--- START ---
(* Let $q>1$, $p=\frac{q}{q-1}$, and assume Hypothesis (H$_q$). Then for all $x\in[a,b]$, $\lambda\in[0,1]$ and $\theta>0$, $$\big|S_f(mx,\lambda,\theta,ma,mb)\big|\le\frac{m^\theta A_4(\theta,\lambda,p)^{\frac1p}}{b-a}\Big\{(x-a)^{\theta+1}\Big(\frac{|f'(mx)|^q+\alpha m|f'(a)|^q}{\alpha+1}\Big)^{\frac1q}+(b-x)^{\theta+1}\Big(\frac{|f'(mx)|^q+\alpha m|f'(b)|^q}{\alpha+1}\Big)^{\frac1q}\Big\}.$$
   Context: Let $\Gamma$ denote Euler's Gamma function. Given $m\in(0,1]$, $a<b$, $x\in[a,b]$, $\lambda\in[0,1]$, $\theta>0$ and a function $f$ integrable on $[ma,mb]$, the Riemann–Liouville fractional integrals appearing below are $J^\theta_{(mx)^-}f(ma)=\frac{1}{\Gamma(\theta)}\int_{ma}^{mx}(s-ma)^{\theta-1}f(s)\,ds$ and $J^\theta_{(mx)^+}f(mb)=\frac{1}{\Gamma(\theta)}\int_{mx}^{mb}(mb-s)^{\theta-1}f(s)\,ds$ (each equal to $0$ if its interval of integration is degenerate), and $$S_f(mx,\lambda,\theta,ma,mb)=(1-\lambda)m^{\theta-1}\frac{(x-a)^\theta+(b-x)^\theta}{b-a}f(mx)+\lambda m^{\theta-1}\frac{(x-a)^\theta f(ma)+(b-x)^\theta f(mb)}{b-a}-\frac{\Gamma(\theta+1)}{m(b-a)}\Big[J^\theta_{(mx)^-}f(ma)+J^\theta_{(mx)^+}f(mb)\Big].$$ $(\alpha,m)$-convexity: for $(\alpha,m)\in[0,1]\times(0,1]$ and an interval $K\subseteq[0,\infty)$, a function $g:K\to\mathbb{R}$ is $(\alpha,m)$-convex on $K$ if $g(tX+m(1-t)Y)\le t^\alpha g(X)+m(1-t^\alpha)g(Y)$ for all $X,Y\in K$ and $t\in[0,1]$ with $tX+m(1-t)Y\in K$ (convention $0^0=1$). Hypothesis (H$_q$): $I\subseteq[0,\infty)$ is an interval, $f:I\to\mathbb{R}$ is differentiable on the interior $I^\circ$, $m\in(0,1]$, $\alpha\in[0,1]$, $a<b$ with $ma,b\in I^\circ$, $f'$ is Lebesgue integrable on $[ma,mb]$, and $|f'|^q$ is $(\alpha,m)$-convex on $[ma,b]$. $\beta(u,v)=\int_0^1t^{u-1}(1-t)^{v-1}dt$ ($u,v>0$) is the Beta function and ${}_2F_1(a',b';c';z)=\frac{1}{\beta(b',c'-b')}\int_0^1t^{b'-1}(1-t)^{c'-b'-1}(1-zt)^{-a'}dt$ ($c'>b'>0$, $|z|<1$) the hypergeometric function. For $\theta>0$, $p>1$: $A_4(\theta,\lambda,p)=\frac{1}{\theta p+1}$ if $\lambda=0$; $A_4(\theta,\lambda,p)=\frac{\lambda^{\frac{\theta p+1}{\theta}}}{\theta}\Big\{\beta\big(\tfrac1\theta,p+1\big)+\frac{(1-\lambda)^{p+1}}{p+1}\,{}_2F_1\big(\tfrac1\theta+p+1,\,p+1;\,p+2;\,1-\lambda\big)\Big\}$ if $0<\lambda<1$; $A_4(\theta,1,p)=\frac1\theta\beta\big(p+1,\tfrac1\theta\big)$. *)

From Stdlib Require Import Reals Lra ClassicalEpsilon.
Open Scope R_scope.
--- END ---
■ To do ■
All of the material needs to be reproduced exactly as it reads.

■ Answer to this exercise ■
(* Let $q>1$, $p=\frac{q}{q-1}$, and assume Hypothesis (H$_q$). Then for all $x\in[a,b]$, $\lambda\in[0,1]$ and $\theta>0$, $$\big|S_f(mx,\lambda,\theta,ma,mb)\big|\le\frac{m^\theta A_4(\theta,\lambda,p)^{\frac1p}}{b-a}\Big\{(x-a)^{\theta+1}\Big(\frac{|f'(mx)|^q+\alpha m|f'(a)|^q}{\alpha+1}\Big)^{\frac1q}+(b-x)^{\theta+1}\Big(\frac{|f'(mx)|^q+\alpha m|f'(b)|^q}{\alpha+1}\Big)^{\frac1q}\Big\}.$$
   Context: Let $\Gamma$ denote Euler's Gamma function. Given $m\in(0,1]$, $a<b$, $x\in[a,b]$, $\lambda\in[0,1]$, $\theta>0$ and a function $f$ integrable on $[ma,mb]$, the Riemann–Liouville fractional integrals appearing below are $J^\theta_{(mx)^-}f(ma)=\frac{1}{\Gamma(\theta)}\int_{ma}^{mx}(s-ma)^{\theta-1}f(s)\,ds$ and $J^\theta_{(mx)^+}f(mb)=\frac{1}{\Gamma(\theta)}\int_{mx}^{mb}(mb-s)^{\theta-1}f(s)\,ds$ (each equal to $0$ if its interval of integration is degenerate), and $$S_f(mx,\lambda,\theta,ma,mb)=(1-\lambda)m^{\theta-1}\frac{(x-a)^\theta+(b-x)^\theta}{b-a}f(mx)+\lambda m^{\theta-1}\frac{(x-a)^\theta f(ma)+(b-x)^\theta f(mb)}{b-a}-\frac{\Gamma(\theta+1)}{m(b-a)}\Big[J^\theta_{(mx)^-}f(ma)+J^\theta_{(mx)^+}f(mb)\Big].$$ $(\alpha,m)$-convexity: for $(\alpha,m)\in[0,1]\times(0,1]$ and an interval $K\subseteq[0,\infty)$, a function $g:K\to\mathbb{R}$ is $(\alpha,m)$-convex on $K$ if $g(tX+m(1-t)Y)\le t^\alpha g(X)+m(1-t^\alpha)g(Y)$ for all $X,Y\in K$ and $t\in[0,1]$ with $tX+m(1-t)Y\in K$ (convention $0^0=1$). Hypothesis (H$_q$): $I\subseteq[0,\infty)$ is an interval, $f:I\to\mathbb{R}$ is differentiable on the interior $I^\circ$, $m\in(0,1]$, $\alpha\in[0,1]$, $a<b$ with $ma,b\in I^\circ$, $f'$ is Lebesgue integrable on $[ma,mb]$, and $|f'|^q$ is $(\alpha,m)$-convex on $[ma,b]$. $\beta(u,v)=\int_0^1t^{u-1}(1-t)^{v-1}dt$ ($u,v>0$) is the Beta function and ${}_2F_1(a',b';c';z)=\frac{1}{\beta(b',c'-b')}\int_0^1t^{b'-1}(1-t)^{c'-b'-1}(1-zt)^{-a'}dt$ ($c'>b'>0$, $|z|<1$) the hypergeometric function. For $\theta>0$, $p>1$: $A_4(\theta,\lambda,p)=\frac{1}{\theta p+1}$ if $\lambda=0$; $A_4(\theta,\lambda,p)=\frac{\lambda^{\frac{\theta p+1}{\theta}}}{\theta}\Big\{\beta\big(\tfrac1\theta,p+1\big)+\frac{(1-\lambda)^{p+1}}{p+1}\,{}_2F_1\big(\tfrac1\theta+p+1,\,p+1;\,p+2;\,1-\lambda\big)\Big\}$ if $0<\lambda<1$; $A_4(\theta,1,p)=\frac1\theta\beta\big(p+1,\tfrac1\theta\big)$. *)

From Stdlib Require Import Reals Lra ClassicalEpsilon.
Open Scope R_scope.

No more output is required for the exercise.